Only one portion of the data is to be written out: from the line bearing "Lemma perfect_sub_trans Q" through the line bearing "- move=> f Hf; split.". Write it exactly as it appears.

:: Input records

(* Let $\mathbb{A}\subseteq 2^\omega\times E^{[\infty]}$ be analytic, $P\subseteq 2^\omega$ a nonempty perfect set, and $X\in E^{[\infty]}$. If for every $f\in P$ player I has a strategy in $F[X]$ for playing out of $\mathbb{A}_f=\{Y:(f,Y)\in\mathbb{A}\}$, then there are a nonempty perfect $Q\subseteq P$ and a strategy $\sigma$ for I in $F[X]$ such that $Q\times[\sigma]\subseteq(2^\omega\times E^{[\infty]})\setminus\mathbb{A}$.
   Context: $F$ is a countable field and $E$ a countably infinite-dimensional $F$-vector space with fixed basis $(e_n)$; $\mathrm{supp}(v)$ is the set of indices of nonzero coefficients of $v\ne0$. A block sequence is a sequence $(x_n)$ of nonzero vectors with $\max\mathrm{supp}(x_n)<\min\mathrm{supp}(x_{n+1})$; $E^{[\infty]}$ is the Polish space of infinite block sequences (subspace of $E^\omega$, $E$ discrete). $\langle X\rangle$ is the span of $X$. The asymptotic game $F[X]$: I plays natural numbers $n_k$, II responds with nonzero $y_k\in\langle X\rangle$ with $n_k<\min\mathrm{supp}(y_k)$, II's moves forming a block sequence $(y_k)$, the outcome. A strategy for I is a function from finite sequences of II's previous moves to natural numbers; I plays out of a set $\mathbb{B}$ with a strategy if all outcomes of plays following it lie outside $\mathbb{B}$; $[\sigma]$ is the set of outcomes of plays in which I follows $\sigma$. *)

From HB Require Import structures.
From mathcomp Require Import all_boot all_order all_algebra.
Set Implicit Arguments. Unset Strict Implicit. Unset Printing Implicit Defensive.
Import GRing.Theory.
Local Open Scope ring_scope.

(* E is modelled as {poly F}: finitely supported coefficient sequences,
   basis e_n = 'X^n, coefficient of e_n in v is v`_n. *)

Section Defs.
Variable F : countFieldType.
Local Notation E := {poly F}.

(* n < min supp(y)  (y nonzero is required separately) *)
Definition above (n : nat) (y : E) : Prop := forall i, (i <= n)%N -> y`_i = 0.

Definition supp_lt (x y : E) : Prop :=
  forall i j, x`_i != 0 -> y`_j != 0 -> (i < j)%N.

Definition block_seq (x : nat -> E) : Prop :=
  forall n, x n != 0 /\ supp_lt (x n) (x n.+1).

Definition in_span (X : nat -> E) (y : E) : Prop :=
  exists s : seq F, y = \sum_(i < size s) s`_i *: X i.

Definition strategyI := seq E -> nat.

Definition outcomes (X : nat -> E) (sigma : strategyI) (Y : nat -> E) : Prop :=
  block_seq Y /\
  forall k, in_span X (Y k) /\ above (sigma (mkseq Y k)) (Y k).

Definition plays_out_of (X : nat -> E) (sigma : strategyI) (B : (nat -> E) -> Prop) :=
  forall Y, outcomes X sigma Y -> ~ B Y.
End Defs.

(* topology of 2^omega, omega^omega, E^omega: products of discrete spaces *)
Definition agree {T : Type} (n : nat) (x y : nat -> T) : Prop :=
  forall i, (i < n)%N -> x i = y i.

Definition continuous_baire {T U : Type} (g : (nat -> nat) -> (nat -> T) * (nat -> U)) :=
  forall x n, exists m, forall x', agree m x' x ->
    agree n (g x').1 (g x).1 /\ agree n (g x').2 (g x).2.

Definition analytic {T U : Type} (A : (nat -> T) * (nat -> U) -> Prop) : Prop :=
  (forall p, ~ A p) \/
  exists g : (nat -> nat) -> (nat -> T) * (nat -> U),
    continuous_baire g /\ forall p, A p <-> exists x, g x = p.

Definition closed_cantor (P : (nat -> bool) -> Prop) : Prop :=
  forall f, (forall n, exists g, P g /\ agree n g f) -> P f.
Definition perfect_cantor (P : (nat -> bool) -> Prop) : Prop :=
  closed_cantor P /\
  forall f, P f -> forall n, exists g, P g /\ g <> f /\ agree n g f.

From mathcomp Require Import all_boot all_order all_algebra.
From mathcomp Require Import zify.
From Stdlib Require Import ClassicalEpsilon Classical FunctionalExtensionality.
From Stdlib Require Cantor.
Set Implicit Arguments. Unset Strict Implicit. Unset Printing Implicit Defensive.

(* Write A = g[omega^omega] with g continuous.  The argument tracks positions
   (Q, p, t): a perfect set Q of parameters, the moves p of II so far, and the
   part t of a witness x in omega^omega revealed so far.  I kills a position if
   some strategy keeps g x outside Q * {plays extending p} for every x revealing
   t, and a position is bad if no perfect subset of it can be killed.  If the
   theorem failed, the root position (P, [], []) would be bad.

   From a bad position II has a well-founded strategy tree that, against any
   challenge of I and any perfect shrinking, reaches a bad position with a
   longer revealed part: otherwise a fusion of perfect sets combines I's
   countably many blocking moves and killing strategies into one strategy that
   kills a perfect subset.  Dovetailing all challenges at all nodes of these
   trees while the perfect sets shrink to one parameter f0 in P gives, against
   every strategy of I, a play Y whose revealed parts grow to some x; by
   continuity g x = (f0, Y), contradicting the hypothesis at f0. *)

Definition cset := (nat -> bool) -> Prop.
Definition subc (A B : cset) := forall f, A f -> B f.
Notation "A `<=` B" := (subc A B) (at level 70, no associativity).

Definition ball (h : nat -> bool) (m : nat) : cset := fun f => agree m f h.
Definition cyl (Q : cset) (h : nat -> bool) (m : nat) : cset := fun f => Q f /\ ball h m f.
Definition nonempty_perfect (Q : cset) := perfect_cantor Q /\ exists f, Q f.
Definition perfect_sub (Q R : cset) := Q `<=` R /\ nonempty_perfect Q.
Definition nbhd (Q S : cset) (f : nat -> bool) := exists m, cyl Q f m `<=` S.

Lemma agree_sym T m (x y : nat -> T) : agree m x y -> agree m y x.
Proof. by move=> H i /H ->. Qed.

Lemma agree_trans T m (x y z : nat -> T) : agree m x y -> agree m y z -> agree m x z.
Proof. by move=> Hxy Hyz i Hi; rewrite Hxy // Hyz. Qed.

Lemma agree_le T m n (x y : nat -> T) : m <= n -> agree n x y -> agree m x y.
Proof. by move=> Hmn H i Hi; apply: H; apply: leq_trans Hmn. Qed.

Lemma subc_trans A B C : A `<=` B -> B `<=` C -> A `<=` C.
Proof. by move=> HAB HBC f /HAB /HBC. Qed.

Lemma perfect_sub_refl Q : nonempty_perfect Q -> perfect_sub Q Q.
Proof. by split. Qed.

Lemma perfect_sub_trans Q R S : perfect_sub Q R -> R `<=` S -> perfect_sub Q S.
Proof. by move=> [HQR HQ] HRS; split => //; apply: subc_trans HRS. Qed.

Lemma nonempty_perfect_cyl Q h m : nonempty_perfect Q -> Q h -> nonempty_perfect (cyl Q h m).
Proof.
move=> [[Qclosed Qperf] _] Qh; split; last by exists h; split.
split.
- move=> f Hf; split.
    by apply: Qclosed => n; have [g [[Qg _] Hg]] := Hf n; exists g.
  have [g [[_ Hgh] Hgf]] := Hf m.
  exact: agree_trans (agree_sym Hgf) Hgh.
- move=> f [Qf Hfh] n; have [g [Qg [Hgf Hag]]] := Qperf f Qf (maxn n m).
  exists g; split; last split => //.
    by split => //; apply: agree_trans Hfh; apply: agree_le Hag; exact: leq_maxr.
  by apply: agree_le Hag; exact: leq_maxl.
Qed.

Lemma nbhd_meet Q S1 S2 f : nonempty_perfect Q -> Q f -> nbhd Q S1 f -> nbhd Q S2 f ->
  exists2 Q', perfect_sub Q' S1 & Q' `<=` S2.
Proof.
move=> HQ Qf [m1 H1] [m2 H2]; exists (cyl Q f (maxn m1 m2)).
  split; last exact: nonempty_perfect_cyl.
  by move=> h [Qh Hh]; apply: H1; split => //; apply: agree_le Hh; exact: leq_maxl.
by move=> h [Qh Hh]; apply: H2; split => //; apply: agree_le Hh; exact: leq_maxr.
Qed.

Lemma leq_max_tuple (T : finType) (G : seq T -> nat) n s :
  size s = n -> G s <= \max_(t : n.-tuple T) G t.
Proof. by move=> <-; exact: (@leq_bigmax _ (fun t : (size s).-tuple T => G t) (in_tuple s)). Qed.

Section Fusion.
Variables (Q0 : cset) (K : nat -> cset -> Prop).
Hypothesis Q0_perfect : nonempty_perfect Q0.
Hypothesis K_dense : forall i L, perfect_sub L Q0 -> exists L', perfect_sub L' L /\ K i L'.

Definition refine (i : nat) (R : cset) : cset :=
  epsilon (inhabits (fun _ => False)) (fun L => perfect_sub L R /\ K i L).

Definition split_pair (R : cset) : (nat -> bool) * (nat -> bool) :=
  epsilon (inhabits (xpred0, xpred0)) (fun fs => [/\ R fs.1, R fs.2 & fs.1 <> fs.2]).

Definition split_index (R : cset) : nat :=
  epsilon (inhabits 0) (fun d => (split_pair R).1 d <> (split_pair R).2 d).
(* Let $q=2^m$ with $m$ a positive integer, let $b\in\mathbb{F}_q^*$ and $\delta\in\mathbb{F}_{q^2}\setminus\mathbb{F}_q$. Put $$A=b\,\mathrm{Tr}_{q^2/q}(\delta),\quad B=b\,\delta^{2q+2}\mathrm{Tr}_{q^2/q}(\delta),\quad C=\mathrm{Tr}_{q^2/q}(\delta)^2,\quad D=1/A,$$ and define $S_{-1}=0$, $S_0=1$, $S_i=C^{2^{i-1}}S_{i-1}+D^{2^{i-1}}S_{i-2}$ for $i\geq1$. If the polynomial $$P(x)=b(x^q+x+\delta)^{2q+3}+x$$ permutes $\mathbb{F}_{q^2}$, then its compositional inverse over $\mathbb{F}_{q^2}$ is $$P^{-1}(x)=x+b\left(\delta+\sum_{i=0}^{m-1}\left(D^{2^i}S_{m-2-i}^{2^{i+1}}+D^{1-2^{i}}S_i\right)\left(x^q+x+B\right)^{2^i}\right)^{2q+3}.$$
   Context: $\mathrm{Tr}_{q^2/q}(y)=y+y^q$. The compositional inverse of a permutation polynomial $f$ of $\mathbb{F}_{Q}$ is the unique polynomial $f^{-1}$ (modulo $x^Q-x$) with $f(f^{-1}(c))=f^{-1}(f(c))=c$ for all $c\in\mathbb{F}_Q$. *)

From mathcomp Require Import all_boot all_algebra all_field.
Set Implicit Arguments. Unset Strict Implicit. Unset Printing Implicit Defensive.
Import GRing.Theory.
Local Open Scope ring_scope.

Definition Tr (F : fieldType) (q : nat) (y : F) : F := y + y ^+ q.

(* Shifted sequence: Sh n = S_{n-1}, i.e. Sh 0 = S_{-1} = 0, Sh 1 = S_0 = 1,
   Sh (n+2) = S_{n+1} = C^{2^n} S_n + D^{2^n} S_{n-1}. *)
Fixpoint Sh (F : fieldType) (C D : F) (n : nat) : F :=
  match n with
  | 0 => 0
  | S 0 => 1
  | S ((S n'') as n') => C ^+ (2 ^ n'') * Sh C D n' + D ^+ (2 ^ n'') * Sh C D n''
  end.

From mathcomp Require Import all_boot all_algebra all_field.
From mathcomp Require Import ring zify.
Set Implicit Arguments. Unset Strict Implicit. Unset Printing Implicit Defensive.
Import GRing.Theory.
Local Open Scope ring_scope.

(* Write q = 2^m and L t = t^4 + C t^2 + D t.  For x in F_(q^2) the element
   t = x^q + x lies in F_q and P(x)^q + P(x) + B = A L(t), so inverting P comes
   down to recovering t from L(t).  Reducing modulo L gives
   t^(2^k) = Q_k(L t) + Sh_k t^2 + Sl_k t for an explicit 2-polynomial Q_k.
   As C and D lie in F_q, tau = Sh_(m+1) + Sl_m is idempotent, so tau is 0 or 1.
   Bijectivity of P makes L injective on F_q, hence on F_(q^2); if tau were 0,
   the nonzero 2-polynomial Q_(2m), of degree 2^(2m-2), would vanish on the
   whole image of L.  With tau = 1, comparing the reductions for k = m and
   k = 2m on F_q writes t as a 2-polynomial in L(t), whose coefficients are
   those of P^-1. *)

Section Char2.
Variable F : fieldType.
Hypothesis F2 : 2%N \in [pchar F].

(* [ring] ignores the characteristic, so identities of characteristic 2
   are proved in the form [x = y + 2 * e]. *)
Lemma eq_char2 (x y e : F) : x = y + 2%:R * e -> x = y.
Proof. by rewrite (pcharf0 F2) mul0r addr0. Qed.

Lemma exprD_pow2 k (x y : F) : (x + y) ^+ (2 ^ k) = x ^+ (2 ^ k) + y ^+ (2 ^ k).
Proof. by apply: exprDn_pchar; rewrite pnatX (pnatE _ (pcharf_prime F2)) F2. Qed.

Lemma sqrrD_char2 (x y : F) : (x + y) ^+ 2 = x ^+ 2 + y ^+ 2.
Proof. exact: (exprD_pow2 1). Qed.

Lemma exprD4_char2 (x y : F) : (x + y) ^+ 4 = x ^+ 4 + y ^+ 4.
Proof. exact: (exprD_pow2 2). Qed.

Lemma sumr_exp_pow2 k (I : Type) (r : seq I) (P : pred I) (f : I -> F) :
  (\sum_(i <- r | P i) f i) ^+ (2 ^ k) = \sum_(i <- r | P i) f i ^+ (2 ^ k).
Proof.
apply: (big_morph (fun x => x ^+ (2 ^ k))) => [x y|]; first exact: exprD_pow2.
by rewrite expr0n expn_eq0.
Qed.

::::

→ **Solution below**:
Lemma perfect_sub_trans Q R S : perfect_sub Q R -> R `<=` S -> perfect_sub Q S.
Proof. by move=> [HQR HQ] HRS; split => //; apply: subc_trans HRS. Qed.

Lemma nonempty_perfect_cyl Q h m : nonempty_perfect Q -> Q h -> nonempty_perfect (cyl Q h m).
Proof.
move=> [[Qclosed Qperf] _] Qh; split; last by exists h; split.
split.
- move=> f Hf; split.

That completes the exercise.